## Your objective:
Across the whole listing, filter for the string "mulKmx" and copy every line that has it.
▬▬▬▬▬▬
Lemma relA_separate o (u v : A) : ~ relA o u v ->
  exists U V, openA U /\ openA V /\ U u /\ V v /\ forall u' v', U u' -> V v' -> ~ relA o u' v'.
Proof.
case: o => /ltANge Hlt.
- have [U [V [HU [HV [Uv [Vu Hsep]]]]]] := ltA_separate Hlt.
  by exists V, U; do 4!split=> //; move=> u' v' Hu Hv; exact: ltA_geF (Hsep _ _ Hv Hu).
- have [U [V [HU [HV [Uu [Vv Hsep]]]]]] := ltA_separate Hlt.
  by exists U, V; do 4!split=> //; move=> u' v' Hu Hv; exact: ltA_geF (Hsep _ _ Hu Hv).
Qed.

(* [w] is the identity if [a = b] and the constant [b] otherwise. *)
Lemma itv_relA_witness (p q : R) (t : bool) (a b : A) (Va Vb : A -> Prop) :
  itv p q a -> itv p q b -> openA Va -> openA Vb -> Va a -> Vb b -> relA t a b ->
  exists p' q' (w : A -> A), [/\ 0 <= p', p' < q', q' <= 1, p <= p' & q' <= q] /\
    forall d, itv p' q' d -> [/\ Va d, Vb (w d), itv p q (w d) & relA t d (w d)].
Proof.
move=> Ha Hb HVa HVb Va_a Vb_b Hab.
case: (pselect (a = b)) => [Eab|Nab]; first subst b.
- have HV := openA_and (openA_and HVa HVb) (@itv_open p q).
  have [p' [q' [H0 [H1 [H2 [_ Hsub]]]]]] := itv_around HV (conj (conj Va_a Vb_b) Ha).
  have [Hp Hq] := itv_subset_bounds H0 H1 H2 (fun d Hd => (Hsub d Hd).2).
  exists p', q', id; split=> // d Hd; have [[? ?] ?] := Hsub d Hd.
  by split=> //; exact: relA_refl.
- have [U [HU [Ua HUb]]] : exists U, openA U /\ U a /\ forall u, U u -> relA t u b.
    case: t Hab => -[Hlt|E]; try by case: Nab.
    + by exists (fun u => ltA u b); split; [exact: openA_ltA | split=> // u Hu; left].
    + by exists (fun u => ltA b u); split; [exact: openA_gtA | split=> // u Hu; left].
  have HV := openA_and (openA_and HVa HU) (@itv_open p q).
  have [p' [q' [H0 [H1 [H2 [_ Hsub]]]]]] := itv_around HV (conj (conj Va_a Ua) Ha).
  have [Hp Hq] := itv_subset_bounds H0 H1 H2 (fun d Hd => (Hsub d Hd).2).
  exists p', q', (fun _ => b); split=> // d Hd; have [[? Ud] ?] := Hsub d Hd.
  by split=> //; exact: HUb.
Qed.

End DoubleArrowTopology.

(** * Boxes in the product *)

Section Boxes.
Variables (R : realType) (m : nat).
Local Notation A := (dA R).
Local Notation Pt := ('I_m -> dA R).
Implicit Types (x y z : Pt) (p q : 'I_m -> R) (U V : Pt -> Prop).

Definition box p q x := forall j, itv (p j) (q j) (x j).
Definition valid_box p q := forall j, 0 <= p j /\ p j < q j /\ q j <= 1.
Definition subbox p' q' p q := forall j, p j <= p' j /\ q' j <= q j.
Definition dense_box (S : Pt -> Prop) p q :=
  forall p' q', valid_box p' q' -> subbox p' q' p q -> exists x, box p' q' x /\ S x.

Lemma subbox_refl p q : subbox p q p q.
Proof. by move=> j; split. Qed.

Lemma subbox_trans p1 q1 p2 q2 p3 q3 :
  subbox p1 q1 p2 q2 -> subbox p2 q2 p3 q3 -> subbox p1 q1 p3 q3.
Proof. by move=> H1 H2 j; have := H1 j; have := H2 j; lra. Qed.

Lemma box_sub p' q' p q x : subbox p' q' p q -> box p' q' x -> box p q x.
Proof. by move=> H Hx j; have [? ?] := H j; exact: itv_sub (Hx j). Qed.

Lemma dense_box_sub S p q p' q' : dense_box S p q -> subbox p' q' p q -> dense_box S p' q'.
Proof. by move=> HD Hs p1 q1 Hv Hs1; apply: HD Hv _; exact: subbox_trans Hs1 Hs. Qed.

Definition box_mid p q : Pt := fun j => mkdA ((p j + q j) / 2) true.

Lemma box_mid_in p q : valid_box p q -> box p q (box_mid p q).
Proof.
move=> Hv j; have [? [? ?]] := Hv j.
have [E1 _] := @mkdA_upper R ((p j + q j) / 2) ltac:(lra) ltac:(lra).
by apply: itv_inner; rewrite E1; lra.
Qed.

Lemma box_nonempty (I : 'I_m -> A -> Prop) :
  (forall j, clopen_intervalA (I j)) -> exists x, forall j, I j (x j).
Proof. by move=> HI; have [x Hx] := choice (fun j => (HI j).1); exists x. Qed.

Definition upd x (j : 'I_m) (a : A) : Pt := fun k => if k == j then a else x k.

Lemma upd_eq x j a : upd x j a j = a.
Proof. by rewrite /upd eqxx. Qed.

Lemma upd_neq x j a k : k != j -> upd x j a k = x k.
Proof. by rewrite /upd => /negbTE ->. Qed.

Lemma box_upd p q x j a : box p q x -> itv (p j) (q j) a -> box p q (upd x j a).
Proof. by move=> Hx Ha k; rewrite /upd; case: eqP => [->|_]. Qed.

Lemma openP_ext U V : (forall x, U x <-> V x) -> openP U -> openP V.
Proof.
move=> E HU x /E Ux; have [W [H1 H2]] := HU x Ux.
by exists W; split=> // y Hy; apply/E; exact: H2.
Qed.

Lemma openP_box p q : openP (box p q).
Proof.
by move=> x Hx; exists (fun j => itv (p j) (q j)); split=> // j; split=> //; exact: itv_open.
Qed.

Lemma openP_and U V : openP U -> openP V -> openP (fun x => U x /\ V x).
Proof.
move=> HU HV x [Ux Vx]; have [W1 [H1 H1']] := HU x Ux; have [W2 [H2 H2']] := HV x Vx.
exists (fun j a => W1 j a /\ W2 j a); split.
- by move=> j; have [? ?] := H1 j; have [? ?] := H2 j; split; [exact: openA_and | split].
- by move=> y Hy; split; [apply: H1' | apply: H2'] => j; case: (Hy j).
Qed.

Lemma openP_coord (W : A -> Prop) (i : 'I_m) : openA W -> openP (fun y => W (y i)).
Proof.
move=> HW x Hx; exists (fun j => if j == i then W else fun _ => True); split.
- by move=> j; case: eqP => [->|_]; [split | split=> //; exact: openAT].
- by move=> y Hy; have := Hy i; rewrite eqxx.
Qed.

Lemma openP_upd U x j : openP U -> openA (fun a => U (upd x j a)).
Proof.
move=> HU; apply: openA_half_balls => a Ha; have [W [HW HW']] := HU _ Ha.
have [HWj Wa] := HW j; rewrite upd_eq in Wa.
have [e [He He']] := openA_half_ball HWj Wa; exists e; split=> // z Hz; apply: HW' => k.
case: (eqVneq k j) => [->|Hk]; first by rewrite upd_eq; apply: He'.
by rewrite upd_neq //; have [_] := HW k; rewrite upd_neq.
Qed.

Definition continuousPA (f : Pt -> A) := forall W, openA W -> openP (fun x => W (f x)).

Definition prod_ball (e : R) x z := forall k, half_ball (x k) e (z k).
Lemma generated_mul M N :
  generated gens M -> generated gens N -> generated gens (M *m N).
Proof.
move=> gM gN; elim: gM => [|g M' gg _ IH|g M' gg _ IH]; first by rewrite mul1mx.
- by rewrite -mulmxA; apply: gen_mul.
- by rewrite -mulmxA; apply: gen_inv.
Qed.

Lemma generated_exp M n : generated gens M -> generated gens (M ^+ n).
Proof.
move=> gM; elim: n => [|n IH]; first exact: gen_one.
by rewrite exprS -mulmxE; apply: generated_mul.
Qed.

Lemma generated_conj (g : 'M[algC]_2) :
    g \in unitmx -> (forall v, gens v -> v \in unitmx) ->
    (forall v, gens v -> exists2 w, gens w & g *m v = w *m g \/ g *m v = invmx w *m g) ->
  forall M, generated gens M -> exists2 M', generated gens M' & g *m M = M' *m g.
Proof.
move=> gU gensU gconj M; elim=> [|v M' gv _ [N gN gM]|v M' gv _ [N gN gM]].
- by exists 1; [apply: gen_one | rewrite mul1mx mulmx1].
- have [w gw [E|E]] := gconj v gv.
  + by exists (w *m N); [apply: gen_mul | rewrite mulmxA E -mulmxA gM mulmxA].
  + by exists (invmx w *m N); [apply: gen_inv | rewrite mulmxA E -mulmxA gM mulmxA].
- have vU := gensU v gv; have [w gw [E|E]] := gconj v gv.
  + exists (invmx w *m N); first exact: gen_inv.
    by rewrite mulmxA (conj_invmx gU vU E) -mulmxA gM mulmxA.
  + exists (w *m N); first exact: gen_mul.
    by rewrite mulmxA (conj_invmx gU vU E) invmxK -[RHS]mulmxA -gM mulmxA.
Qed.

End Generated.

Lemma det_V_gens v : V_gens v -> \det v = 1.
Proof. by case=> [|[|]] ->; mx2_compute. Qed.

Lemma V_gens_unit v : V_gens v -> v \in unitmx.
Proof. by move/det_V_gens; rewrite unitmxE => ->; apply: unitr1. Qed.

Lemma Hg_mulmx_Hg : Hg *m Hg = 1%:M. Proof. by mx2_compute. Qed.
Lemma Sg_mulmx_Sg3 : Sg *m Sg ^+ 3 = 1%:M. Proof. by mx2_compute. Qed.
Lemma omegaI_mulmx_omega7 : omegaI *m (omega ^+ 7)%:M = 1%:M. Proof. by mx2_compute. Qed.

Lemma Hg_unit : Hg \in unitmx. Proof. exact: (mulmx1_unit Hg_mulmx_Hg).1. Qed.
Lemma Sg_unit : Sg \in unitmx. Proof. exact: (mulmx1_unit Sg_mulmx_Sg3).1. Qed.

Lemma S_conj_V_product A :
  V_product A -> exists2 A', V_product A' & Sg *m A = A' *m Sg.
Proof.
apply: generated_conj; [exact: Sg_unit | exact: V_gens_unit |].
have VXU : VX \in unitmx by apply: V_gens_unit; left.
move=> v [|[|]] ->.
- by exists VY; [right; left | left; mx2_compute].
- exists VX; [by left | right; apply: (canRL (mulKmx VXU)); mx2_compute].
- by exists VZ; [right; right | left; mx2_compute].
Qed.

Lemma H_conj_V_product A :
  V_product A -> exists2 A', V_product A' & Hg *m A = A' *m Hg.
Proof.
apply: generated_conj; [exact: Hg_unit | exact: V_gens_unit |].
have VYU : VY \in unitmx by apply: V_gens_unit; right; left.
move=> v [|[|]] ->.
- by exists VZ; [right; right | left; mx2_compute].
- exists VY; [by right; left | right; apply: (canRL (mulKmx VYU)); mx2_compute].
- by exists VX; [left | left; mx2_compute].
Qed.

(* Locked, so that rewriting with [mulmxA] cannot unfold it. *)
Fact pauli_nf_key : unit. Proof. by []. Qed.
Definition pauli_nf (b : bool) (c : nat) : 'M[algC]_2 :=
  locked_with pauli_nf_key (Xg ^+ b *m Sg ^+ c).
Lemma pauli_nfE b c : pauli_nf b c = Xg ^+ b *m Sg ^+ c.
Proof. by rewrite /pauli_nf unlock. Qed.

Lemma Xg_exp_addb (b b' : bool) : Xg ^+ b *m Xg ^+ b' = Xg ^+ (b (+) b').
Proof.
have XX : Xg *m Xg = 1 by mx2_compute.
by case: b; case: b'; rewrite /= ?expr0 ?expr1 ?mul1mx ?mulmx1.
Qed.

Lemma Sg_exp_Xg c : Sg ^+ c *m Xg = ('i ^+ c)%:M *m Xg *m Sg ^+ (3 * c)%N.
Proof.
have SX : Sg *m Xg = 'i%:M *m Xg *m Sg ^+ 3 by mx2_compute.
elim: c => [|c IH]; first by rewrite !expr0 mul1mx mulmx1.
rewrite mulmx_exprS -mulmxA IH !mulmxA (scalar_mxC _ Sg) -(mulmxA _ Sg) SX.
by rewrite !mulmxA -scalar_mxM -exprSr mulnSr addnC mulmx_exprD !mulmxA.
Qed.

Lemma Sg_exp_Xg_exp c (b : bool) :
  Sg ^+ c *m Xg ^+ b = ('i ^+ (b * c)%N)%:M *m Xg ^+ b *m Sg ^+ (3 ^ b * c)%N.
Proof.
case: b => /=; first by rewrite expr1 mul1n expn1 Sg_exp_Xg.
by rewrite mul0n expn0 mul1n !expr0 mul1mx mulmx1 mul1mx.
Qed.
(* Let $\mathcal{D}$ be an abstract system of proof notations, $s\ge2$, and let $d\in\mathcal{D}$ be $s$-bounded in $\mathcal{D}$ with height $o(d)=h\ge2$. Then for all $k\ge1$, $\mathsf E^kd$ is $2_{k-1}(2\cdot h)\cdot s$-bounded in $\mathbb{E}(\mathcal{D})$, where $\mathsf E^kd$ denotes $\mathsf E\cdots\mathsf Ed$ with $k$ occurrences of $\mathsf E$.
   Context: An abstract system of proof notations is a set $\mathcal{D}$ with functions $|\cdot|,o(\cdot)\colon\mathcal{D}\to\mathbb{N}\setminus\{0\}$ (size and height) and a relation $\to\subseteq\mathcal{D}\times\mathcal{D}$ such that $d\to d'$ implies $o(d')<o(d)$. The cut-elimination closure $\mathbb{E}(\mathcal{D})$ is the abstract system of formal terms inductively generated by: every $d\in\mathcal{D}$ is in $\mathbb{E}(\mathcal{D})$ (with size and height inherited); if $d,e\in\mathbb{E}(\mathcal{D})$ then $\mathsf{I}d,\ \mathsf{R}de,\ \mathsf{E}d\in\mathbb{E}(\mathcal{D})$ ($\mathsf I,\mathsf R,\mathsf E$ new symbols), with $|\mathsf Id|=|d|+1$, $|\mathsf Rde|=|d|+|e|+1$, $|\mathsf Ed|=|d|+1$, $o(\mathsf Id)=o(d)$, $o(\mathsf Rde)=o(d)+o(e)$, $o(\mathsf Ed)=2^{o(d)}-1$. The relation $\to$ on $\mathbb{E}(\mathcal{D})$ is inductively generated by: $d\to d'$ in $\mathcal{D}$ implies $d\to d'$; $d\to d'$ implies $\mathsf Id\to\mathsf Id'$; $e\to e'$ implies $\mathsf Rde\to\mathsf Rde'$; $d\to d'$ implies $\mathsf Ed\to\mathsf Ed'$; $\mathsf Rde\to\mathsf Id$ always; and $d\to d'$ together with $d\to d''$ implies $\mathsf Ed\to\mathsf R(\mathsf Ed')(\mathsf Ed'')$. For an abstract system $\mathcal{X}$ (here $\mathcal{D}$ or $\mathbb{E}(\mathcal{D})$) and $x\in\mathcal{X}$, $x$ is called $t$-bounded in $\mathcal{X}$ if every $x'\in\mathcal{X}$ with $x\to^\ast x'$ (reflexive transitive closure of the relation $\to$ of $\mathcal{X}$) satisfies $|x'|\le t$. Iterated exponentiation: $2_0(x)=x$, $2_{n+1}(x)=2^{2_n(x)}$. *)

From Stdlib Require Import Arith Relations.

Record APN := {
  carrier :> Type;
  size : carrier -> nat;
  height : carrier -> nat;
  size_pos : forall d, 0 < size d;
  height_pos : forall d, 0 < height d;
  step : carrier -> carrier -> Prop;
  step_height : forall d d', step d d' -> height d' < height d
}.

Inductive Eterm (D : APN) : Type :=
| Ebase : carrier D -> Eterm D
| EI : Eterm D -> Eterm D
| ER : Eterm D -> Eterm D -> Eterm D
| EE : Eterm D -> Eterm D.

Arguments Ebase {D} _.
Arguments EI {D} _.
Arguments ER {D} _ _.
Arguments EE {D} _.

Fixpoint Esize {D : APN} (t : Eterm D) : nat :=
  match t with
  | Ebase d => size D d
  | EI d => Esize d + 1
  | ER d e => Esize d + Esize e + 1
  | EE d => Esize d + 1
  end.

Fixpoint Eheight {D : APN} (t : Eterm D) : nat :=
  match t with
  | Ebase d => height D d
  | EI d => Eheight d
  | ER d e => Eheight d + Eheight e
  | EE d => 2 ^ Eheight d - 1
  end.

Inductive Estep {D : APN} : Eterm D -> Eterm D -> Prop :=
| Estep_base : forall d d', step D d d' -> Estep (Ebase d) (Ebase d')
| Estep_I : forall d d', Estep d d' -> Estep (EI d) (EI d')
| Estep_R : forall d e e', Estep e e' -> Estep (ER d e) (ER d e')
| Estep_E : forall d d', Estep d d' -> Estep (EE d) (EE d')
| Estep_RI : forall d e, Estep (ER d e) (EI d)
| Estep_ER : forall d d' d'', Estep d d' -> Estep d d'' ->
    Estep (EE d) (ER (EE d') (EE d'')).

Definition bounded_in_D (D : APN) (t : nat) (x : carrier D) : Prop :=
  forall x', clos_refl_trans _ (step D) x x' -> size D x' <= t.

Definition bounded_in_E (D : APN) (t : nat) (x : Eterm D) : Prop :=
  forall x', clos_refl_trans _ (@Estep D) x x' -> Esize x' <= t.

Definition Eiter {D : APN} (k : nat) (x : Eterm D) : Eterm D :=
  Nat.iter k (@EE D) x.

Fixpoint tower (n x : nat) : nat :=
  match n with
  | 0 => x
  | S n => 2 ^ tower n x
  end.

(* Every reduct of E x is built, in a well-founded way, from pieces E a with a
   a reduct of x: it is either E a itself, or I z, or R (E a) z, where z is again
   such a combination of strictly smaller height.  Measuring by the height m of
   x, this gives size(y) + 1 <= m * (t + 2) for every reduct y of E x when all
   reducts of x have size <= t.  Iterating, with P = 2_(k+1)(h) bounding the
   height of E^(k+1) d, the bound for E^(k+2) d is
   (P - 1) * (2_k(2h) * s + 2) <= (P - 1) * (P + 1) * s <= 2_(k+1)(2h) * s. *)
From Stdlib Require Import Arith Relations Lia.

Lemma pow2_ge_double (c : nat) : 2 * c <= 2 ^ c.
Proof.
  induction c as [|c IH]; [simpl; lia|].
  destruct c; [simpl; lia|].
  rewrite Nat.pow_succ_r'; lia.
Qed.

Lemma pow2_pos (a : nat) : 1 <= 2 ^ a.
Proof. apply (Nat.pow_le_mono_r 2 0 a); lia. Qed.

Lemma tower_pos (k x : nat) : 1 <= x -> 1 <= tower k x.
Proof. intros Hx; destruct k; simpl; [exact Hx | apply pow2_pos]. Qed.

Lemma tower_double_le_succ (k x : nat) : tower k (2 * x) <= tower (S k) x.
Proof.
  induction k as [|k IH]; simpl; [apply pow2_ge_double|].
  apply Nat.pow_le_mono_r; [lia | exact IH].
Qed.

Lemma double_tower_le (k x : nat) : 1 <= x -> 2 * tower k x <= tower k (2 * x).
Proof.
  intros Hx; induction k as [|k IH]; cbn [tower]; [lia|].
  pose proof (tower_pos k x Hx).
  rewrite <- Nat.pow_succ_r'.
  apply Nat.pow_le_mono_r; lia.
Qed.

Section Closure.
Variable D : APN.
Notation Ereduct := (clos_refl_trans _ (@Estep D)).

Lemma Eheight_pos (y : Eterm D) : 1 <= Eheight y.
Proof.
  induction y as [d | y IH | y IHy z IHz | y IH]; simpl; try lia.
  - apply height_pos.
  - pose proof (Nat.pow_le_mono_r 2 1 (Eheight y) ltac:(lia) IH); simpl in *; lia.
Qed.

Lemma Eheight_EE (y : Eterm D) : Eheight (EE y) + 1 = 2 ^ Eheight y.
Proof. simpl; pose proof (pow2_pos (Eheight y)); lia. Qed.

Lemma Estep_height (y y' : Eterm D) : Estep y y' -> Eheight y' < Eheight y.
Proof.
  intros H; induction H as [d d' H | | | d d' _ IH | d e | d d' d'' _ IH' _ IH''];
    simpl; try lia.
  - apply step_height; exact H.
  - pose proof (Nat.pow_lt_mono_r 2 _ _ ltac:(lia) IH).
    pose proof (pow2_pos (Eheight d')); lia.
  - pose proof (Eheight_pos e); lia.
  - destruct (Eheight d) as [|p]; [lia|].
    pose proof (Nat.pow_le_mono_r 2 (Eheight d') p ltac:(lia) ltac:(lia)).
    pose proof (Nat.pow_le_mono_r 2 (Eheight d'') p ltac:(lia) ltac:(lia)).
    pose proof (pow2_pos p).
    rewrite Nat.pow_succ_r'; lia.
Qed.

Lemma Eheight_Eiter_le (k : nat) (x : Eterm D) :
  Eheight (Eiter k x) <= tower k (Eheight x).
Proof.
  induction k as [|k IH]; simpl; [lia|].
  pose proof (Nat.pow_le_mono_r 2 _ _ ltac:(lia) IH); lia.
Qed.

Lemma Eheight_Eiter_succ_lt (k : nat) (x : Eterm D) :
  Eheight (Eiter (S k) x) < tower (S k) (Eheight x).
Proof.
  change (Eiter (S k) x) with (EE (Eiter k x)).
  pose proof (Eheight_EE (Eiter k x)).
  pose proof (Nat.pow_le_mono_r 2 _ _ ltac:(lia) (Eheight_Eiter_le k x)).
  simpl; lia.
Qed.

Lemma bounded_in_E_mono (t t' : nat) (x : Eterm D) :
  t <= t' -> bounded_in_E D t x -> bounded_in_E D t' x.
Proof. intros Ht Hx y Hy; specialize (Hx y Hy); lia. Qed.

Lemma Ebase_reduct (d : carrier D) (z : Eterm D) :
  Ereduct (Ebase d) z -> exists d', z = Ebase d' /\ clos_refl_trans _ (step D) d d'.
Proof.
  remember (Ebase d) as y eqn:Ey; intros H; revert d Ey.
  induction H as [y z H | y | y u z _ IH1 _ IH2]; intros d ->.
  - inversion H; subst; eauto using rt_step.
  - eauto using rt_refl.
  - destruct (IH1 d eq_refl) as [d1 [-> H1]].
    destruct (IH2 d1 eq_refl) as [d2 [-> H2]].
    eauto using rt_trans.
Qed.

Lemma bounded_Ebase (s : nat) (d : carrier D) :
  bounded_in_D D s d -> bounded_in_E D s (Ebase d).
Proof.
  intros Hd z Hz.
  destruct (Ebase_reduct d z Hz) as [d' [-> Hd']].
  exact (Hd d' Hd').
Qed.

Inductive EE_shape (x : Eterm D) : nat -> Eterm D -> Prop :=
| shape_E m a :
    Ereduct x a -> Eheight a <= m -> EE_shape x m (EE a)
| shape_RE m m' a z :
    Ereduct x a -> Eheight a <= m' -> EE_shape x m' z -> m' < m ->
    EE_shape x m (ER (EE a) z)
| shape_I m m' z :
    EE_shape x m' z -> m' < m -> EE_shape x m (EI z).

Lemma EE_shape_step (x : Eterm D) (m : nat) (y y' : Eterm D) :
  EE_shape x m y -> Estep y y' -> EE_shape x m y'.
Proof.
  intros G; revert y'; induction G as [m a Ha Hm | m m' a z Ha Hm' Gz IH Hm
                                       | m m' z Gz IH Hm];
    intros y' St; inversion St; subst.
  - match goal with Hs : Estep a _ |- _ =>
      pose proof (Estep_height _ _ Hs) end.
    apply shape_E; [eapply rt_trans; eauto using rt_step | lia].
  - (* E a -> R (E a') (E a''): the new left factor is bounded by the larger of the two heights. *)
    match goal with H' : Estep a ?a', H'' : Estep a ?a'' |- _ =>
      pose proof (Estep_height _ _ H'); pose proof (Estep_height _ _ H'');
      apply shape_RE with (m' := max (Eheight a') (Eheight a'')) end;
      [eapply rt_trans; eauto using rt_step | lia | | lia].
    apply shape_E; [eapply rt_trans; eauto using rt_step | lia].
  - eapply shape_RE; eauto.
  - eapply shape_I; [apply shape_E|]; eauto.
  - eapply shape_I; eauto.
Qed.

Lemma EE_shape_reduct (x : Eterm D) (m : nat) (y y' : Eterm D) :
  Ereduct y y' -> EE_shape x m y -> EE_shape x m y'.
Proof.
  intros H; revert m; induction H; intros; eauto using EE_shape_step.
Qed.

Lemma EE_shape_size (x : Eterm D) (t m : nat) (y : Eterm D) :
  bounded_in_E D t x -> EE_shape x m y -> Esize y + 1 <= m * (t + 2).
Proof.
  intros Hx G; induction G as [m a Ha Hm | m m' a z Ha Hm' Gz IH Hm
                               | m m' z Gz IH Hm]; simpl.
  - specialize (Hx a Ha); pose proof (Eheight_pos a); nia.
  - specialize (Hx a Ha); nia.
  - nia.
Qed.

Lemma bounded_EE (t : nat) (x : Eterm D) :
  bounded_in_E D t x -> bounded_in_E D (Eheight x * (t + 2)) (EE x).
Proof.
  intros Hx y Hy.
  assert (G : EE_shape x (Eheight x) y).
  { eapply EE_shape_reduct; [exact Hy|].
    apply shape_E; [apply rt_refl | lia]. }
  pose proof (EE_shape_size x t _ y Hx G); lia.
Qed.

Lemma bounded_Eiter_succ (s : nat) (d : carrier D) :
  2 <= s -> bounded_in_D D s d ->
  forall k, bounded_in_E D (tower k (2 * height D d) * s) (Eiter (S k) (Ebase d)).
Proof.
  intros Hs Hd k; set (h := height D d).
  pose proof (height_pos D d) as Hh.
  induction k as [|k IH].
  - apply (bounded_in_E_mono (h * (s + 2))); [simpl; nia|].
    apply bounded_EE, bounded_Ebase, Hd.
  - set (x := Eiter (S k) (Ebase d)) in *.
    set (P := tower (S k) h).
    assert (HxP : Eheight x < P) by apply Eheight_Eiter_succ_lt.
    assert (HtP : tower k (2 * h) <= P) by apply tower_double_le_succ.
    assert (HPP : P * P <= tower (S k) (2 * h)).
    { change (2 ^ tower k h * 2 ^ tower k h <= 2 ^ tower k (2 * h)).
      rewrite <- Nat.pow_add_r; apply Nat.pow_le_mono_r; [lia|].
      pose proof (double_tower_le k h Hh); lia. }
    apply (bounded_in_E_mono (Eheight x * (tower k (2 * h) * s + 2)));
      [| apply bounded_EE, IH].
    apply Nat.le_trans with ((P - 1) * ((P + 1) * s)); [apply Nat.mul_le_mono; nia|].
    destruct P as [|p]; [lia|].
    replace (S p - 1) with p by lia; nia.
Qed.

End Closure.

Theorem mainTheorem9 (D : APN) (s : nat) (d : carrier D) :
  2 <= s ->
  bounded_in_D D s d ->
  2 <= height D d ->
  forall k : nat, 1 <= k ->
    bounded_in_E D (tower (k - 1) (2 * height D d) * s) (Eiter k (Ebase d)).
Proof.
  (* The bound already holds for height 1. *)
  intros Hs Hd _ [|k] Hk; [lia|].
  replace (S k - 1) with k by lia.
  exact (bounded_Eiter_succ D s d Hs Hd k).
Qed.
▬▬▬▬▬▬
## Exercise response:
- exists VX; [by left | right; apply: (canRL (mulKmx VXU)); mx2_compute].
- exists VY; [by right; left | right; apply: (canRL (mulKmx VYU)); mx2_compute].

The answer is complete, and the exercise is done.